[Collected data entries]
* * * * * * *
Lemma first_min_uniq r r' : r <= N -> r' <= N -> first_min r -> first_min r' -> r = r'.
Proof.
move=> rN rN' [min_r first_r] [min_r' first_r'].
case: (ltngtP r r') => // h.
- by have := first_r' r h; have := min_r r' rN'; lia.
- by have := first_r r' h; have := min_r' r rN; lia.
Qed.

Lemma first_min_exists : exists2 r, r <= N & first_min r.
Proof.
pose w (l : 'I_N.+1) := psum l + N.+1 - l.
have [r1 _ r1_min] := arg_minnP w (isT : predT (ord0 : 'I_N.+1)).
have ex : exists r, (r < N.+1) && (psum r + N.+1 - r == w r1).
  by exists r1; rewrite ltn_ord eqxx.
have [r0 /andP [r0N /eqP Er0] r0_first] := ex_minnP ex.
exists r0; first lia.
split => [l lN|l lr0].
  by have := r1_min (Ordinal (leq_ltn_trans lN (ltnSn N))) isT; rewrite -Er0 /w /=; lia.
have := r1_min (Ordinal (ltn_trans lr0 r0N)) isT; rewrite -Er0 /w /= => h.
have : psum l + N.+1 - l != w r1.
  apply/negP => E; have := r0_first l; rewrite E andbT => /(_ (ltn_trans lr0 r0N)); lia.
by rewrite -Er0; lia.
Qed.

Lemma cycle_lemma : \sum_(r < N.+1) codeb (rot r s) N = 1.
Proof.
have [r0 r0N first_r0] := first_min_exists.
have codeE (r : 'I_N.+1) : codeb (rot r s) N = (val r == r0).
  have rN : r <= N by have := ltn_ord r; lia.
  apply/is_codeP/eqP => [[_ _ rot_ballot]|Er].
    exact: first_min_uniq rN r0N (first_min_rot_code rN rot_ballot) first_r0.
  split; [by rewrite size_rot | by rewrite sumn_rot |].
  by apply: rot_code_first_min => //; rewrite Er.
rewrite (eq_bigr _ (fun r _ => congr1 nat_of_bool (codeE r))).
rewrite (bigD1 (Ordinal (leq_ltn_trans r0N (ltnSn N)))) //= eqxx big1 // => r.
by rewrite -val_eqE /= => /negbTE ->.
Qed.

End CycleLemma.

Fixpoint ncomp (q j : nat) : nat :=
  if j is j'.+1 then \sum_(1 <= v < q.+1) ncomp (q - v) j' else (q == 0).

Lemma ncompSS q j : ncomp q.+1 j.+1 = ncomp q j + ncomp q j.+1.
Proof.
rewrite /= big_ltn // subSS subn0; congr addn.
by rewrite big_add1 /=; apply: eq_big_nat => v _; congr ncomp; lia.
Qed.

Lemma ncomp_bin q j : ncomp q.+1 j.+1 = 'C(q, j).
Proof.
elim: q j => [|q IH] j.
  by rewrite /= big_nat1 subnn; case: j => [|j] //=; rewrite big_geq.
rewrite ncompSS IH; case: j => [|j]; first by rewrite /= !bin0.
by rewrite IH binS addnC.
Qed.

Lemma sum_nat_multiples k B q (h : nat -> nat) : 0 < k -> q * k < B ->
  \sum_(1 <= x < B) (if (k %| x) && (x <= q * k) then h (x %/ k) else 0) =
  \sum_(1 <= v < q.+1) h v.
Proof.
move=> k0; elim: q => [|q IH] qB.
  rewrite [RHS]big_geq // big1_seq // => x /andP [_]; rewrite mem_index_iota => /andP [x1 _].
  by rewrite mul0n leqNgt x1 andbF.
rewrite big_nat_recr //= -IH; last by lia.
rewrite -{2}(mulnK q.+1 k0).
rewrite -(sum_nat_if_eq (m := 1) (n := B) (c := q.+1 * k) (fun x => h (x %/ k))); last first.
  by rewrite muln_gt0 k0.
rewrite -big_split /=; apply: eq_big_nat => x _.
have [->|ne] := eqVneq x (q.+1 * k).
  have -> : (q.+1 * k <= q * k) = false by rewrite leq_pmul2r // ltnn.
  by rewrite andbF add0n leqnn andbT dvdn_mull.
rewrite addn0; congr (if _ then _ else _).
case: (boolP (k %| x)) => //= /dvdnP [y Ey].
by move: ne; rewrite Ey eqn_pmul2r // !leq_pmul2r //; lia.
Qed.

Definition kcomp k j q (b : seq nat) :=
  [&& all (fun v => k %| v) b, count (fun v => 0 < v) b == j & sumn b == q * k].

Definition nkcomp B L k j q := \sum_(b : L.-tuple 'I_B) kcomp k j q (map val b).

Lemma nkcomp0 B k j q : 0 < k -> nkcomp B 0 k j q = 'C(0, j) * ncomp q j.
Proof.
move=> k0; rewrite /nkcomp (big_pred1 [tuple]) /=; last first.
  by move=> t; symmetry; apply/eqP; apply: tuple0.
rewrite /kcomp /=; case: j => [|j] /=; last by rewrite bin0n.
by rewrite bin0 mul1n; case: q => //= q; rewrite mulSn; case: k k0.
Qed.

Lemma nkcomp_cons0 B L k j q :
  \sum_(b : L.-tuple 'I_B) kcomp k j q (0 :: map val b) = nkcomp B L k j q.
Proof. by apply: eq_bigr => b _; rewrite /kcomp /= dvdn0 add0n. Qed.

Lemma nkcomp_cons B L k j q x : 0 < k -> 0 < x ->
  \sum_(b : L.-tuple 'I_B) kcomp k j.+1 q (x :: map val b) =
  if (k %| x) && (x <= q * k) then nkcomp B L k j (q - x %/ k) else 0.
Proof.
move=> k0 x0; rewrite /nkcomp.
have [/dvdnP [y Ex]|nd] /= := boolP (k %| x); last first.
  by rewrite big1 // => b _; rewrite /kcomp /= (negbTE nd).
subst x.
have y0 : 0 < y by move: x0; rewrite muln_gt0; case/andP.
rewrite mulnK // leq_pmul2r //.
have [yq|qy] := leqP y q.
  apply: eq_bigr => b _; rewrite /kcomp /= dvdn_mull // muln_gt0 y0 k0 add1n eqSS.
  have ykq : y * k <= q * k by rewrite leq_pmul2r.
  by congr (_ && (_ && _)); rewrite mulnBl; apply/eqP/eqP; lia.
rewrite big1 // => b _; rewrite /kcomp /=.
suff /negbTE -> : y * k + sumn [seq val i | i <- b] != q * k by rewrite !andbF.
by apply/eqP; rewrite -(ltn_pmul2r k0) in qy; lia.
Qed.

Lemma nkcomp_cons_pos B L k q x : 0 < x ->
  \sum_(b : L.-tuple 'I_B) kcomp k 0 q (x :: map val b) = 0.
Proof. by move=> x0; rewrite big1 // => b _; rewrite /kcomp /= x0 /= !andbF. Qed.

Lemma nkcompE B L k j q : 0 < k -> q * k < B -> nkcomp B L k j q = 'C(L, j) * ncomp q j.
Proof.
move=> k0; elim: L j q => [|L IH] j q qB; first exact: nkcomp0.
rewrite [LHS]/nkcomp big_tuple_cons /= -(big_mkord xpredT
  (fun x => \sum_(b : L.-tuple 'I_B) kcomp k j q (x :: map val b))).
rewrite big_ltn ?(leq_ltn_trans (leq0n _) qB) //= nkcomp_cons0 IH //.
case: j => [|j].
  rewrite big1_seq ?bin0 ?addn0 // => x /andP [_].
  by rewrite mem_index_iota => /andP [x0 _]; apply: nkcomp_cons_pos.
rewrite (eq_big_nat _ _ (F2 := fun x =>
  if (k %| x) && (x <= q * k) then nkcomp B L k j (q - x %/ k) else 0)); last first.
  by move=> x /andP [x0 _]; apply: nkcomp_cons.
rewrite (sum_nat_multiples (fun v => nkcomp B L k j (q - v))) //.
rewrite (eq_big_nat _ _ (F2 := fun v => 'C(L, j) * ncomp (q - v) j)); last first.
  by move=> v /andP [_ vq]; rewrite IH //; apply: leq_ltn_trans qB; rewrite leq_pmul2r //; lia.
by rewrite -big_distrr /= binS mulnDl addnC.
Qed.

Lemma nth0_rot (s : seq nat) i : i < size s -> nth 0 (rot i s) 0 = nth 0 s i.
Proof. by move=> si; rewrite /rot nth_cat size_drop subn_gt0 si nth_drop addn0. Qed.

Lemma count_rot (T : eqType) (P : pred T) r (s : seq T) : count P (rot r s) = count P s.
Proof. by apply/permP; rewrite perm_rot. Qed.

Lemma count_rotr (T : eqType) (P : pred T) r (s : seq T) : count P (rotr r s) = count P s.
Proof. exact: count_rot. Qed.

Definition kseq N k m (c : seq nat) :=
  [&& all (fun v => k %| v) c, count (fun v => 0 < v) c == m & sumn c == N].

Lemma kseq_rot N k m r c : kseq N k m (rot r c) = kseq N k m c.
Proof.
have rc : perm_eq (rot r c) c by rewrite perm_rot.
by rewrite /kseq (perm_all _ rc) count_rot sumn_rot.
Qed.

Lemma kseq_rotr N k m r c : kseq N k m (rotr r c) = kseq N k m c.
Proof. by rewrite /rotr kseq_rot. Qed.

Definition nhead N k m s :=
  \sum_(c : N.+1.-tuple 'I_N.+1 | kseq N k m (map val c) && (nth 0 (map val c) 0 == s)) 1.

Section RotationCounting.
Variables (N k m s : nat).
Local Notation seqs := (N.+1.-tuple 'I_N.+1).

Lemma rot_tuple_inj r : injective (@rot_tuple N.+1 r 'I_N.+1).
Proof. by move=> x y /(congr1 val) /rot_inj /val_inj. Qed.

Lemma rotr_tuple_inj r : injective (@rotr_tuple N.+1 r 'I_N.+1).
Proof. by move=> x y /(congr1 val) /(can_inj (@rotrK r _)) /val_inj. Qed.

Lemma sum_count_kseq_codes :
  \sum_(c : seqs | kseq N k m (map val c)) count (pred1 s) (map val c) =
  N.+1 * \sum_(c : seqs | codeb (map val c) N && kseq N k m (map val c))
           count (pred1 s) (map val c).
Proof.
rewrite (eq_bigr (fun c : seqs =>
  \sum_(r < N.+1) (codeb (rot r (map val c)) N * count (pred1 s) (map val c)))); last first.
  move=> c /and3P [_ _ /eqP sc]; rewrite -big_distrl /= cycle_lemma ?mul1n //.
  by rewrite size_map size_tuple.
have -> X : N.+1 * X = \sum_(r < N.+1) X by rewrite sum_nat_const card_ord.
rewrite exchange_big /=; apply: eq_bigr => r _.
rewrite big_mkcond [RHS]big_mkcond /= (reindex_inj (rotr_tuple_inj (r := r))) /=.
apply: eq_bigr => c _; rewrite !map_rotr kseq_rotr count_rotr rotrK.
by case: (kseq _ _ _ _); case: (codeb _ _); rewrite ?andbT ?andbF //= ?mul1n.
Qed.

Lemma sum_count_kseq_head :
  \sum_(c : seqs | kseq N k m (map val c)) count (pred1 s) (map val c) = N.+1 * nhead N k m s.
Proof.
rewrite (eq_bigr (fun c : seqs => \sum_(i < N.+1) (nth 0 (map val c) i == s))); last first.
  by move=> c _; rewrite count_sum_nth size_map size_tuple.
rewrite big_mkcond /= (eq_bigr (fun c : seqs =>
  \sum_(i < N.+1) (kseq N k m (map val c) && (nth 0 (map val c) i == s)))); last first.
  by move=> c _; case: (kseq _ _ _ _) => //; rewrite big1.
have -> X : N.+1 * X = \sum_(r < N.+1) X by rewrite sum_nat_const card_ord.
rewrite exchange_big /=; apply: eq_bigr => i _.
rewrite [RHS]big_mkcond /= [RHS](reindex_inj (rot_tuple_inj (r := i))) /=.
by apply: eq_bigr => c _; rewrite !map_rot kseq_rot nth0_rot ?size_map ?size_tuple.
Qed.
* * * * * * *
TASK TO COMPLETE:
What lines in the records contain the word "case"? Return each one.

PROBLEM SOLUTION:
case: (ltngtP r r') => // h.
  by rewrite /= big_nat1 subnn; case: j => [|j] //=; rewrite big_geq.
rewrite ncompSS IH; case: j => [|j]; first by rewrite /= !bin0.
case: (boolP (k %| x)) => //= /dvdnP [y Ey].
rewrite /kcomp /=; case: j => [|j] /=; last by rewrite bin0n.
by rewrite bin0 mul1n; case: q => //= q; rewrite mulSn; case: k k0.
have y0 : 0 < y by move: x0; rewrite muln_gt0; case/andP.
case: j => [|j].
by case: (kseq _ _ _ _); case: (codeb _ _); rewrite ?andbT ?andbF //= ?mul1n.
  by move=> c _; case: (kseq _ _ _ _) => //; rewrite big1.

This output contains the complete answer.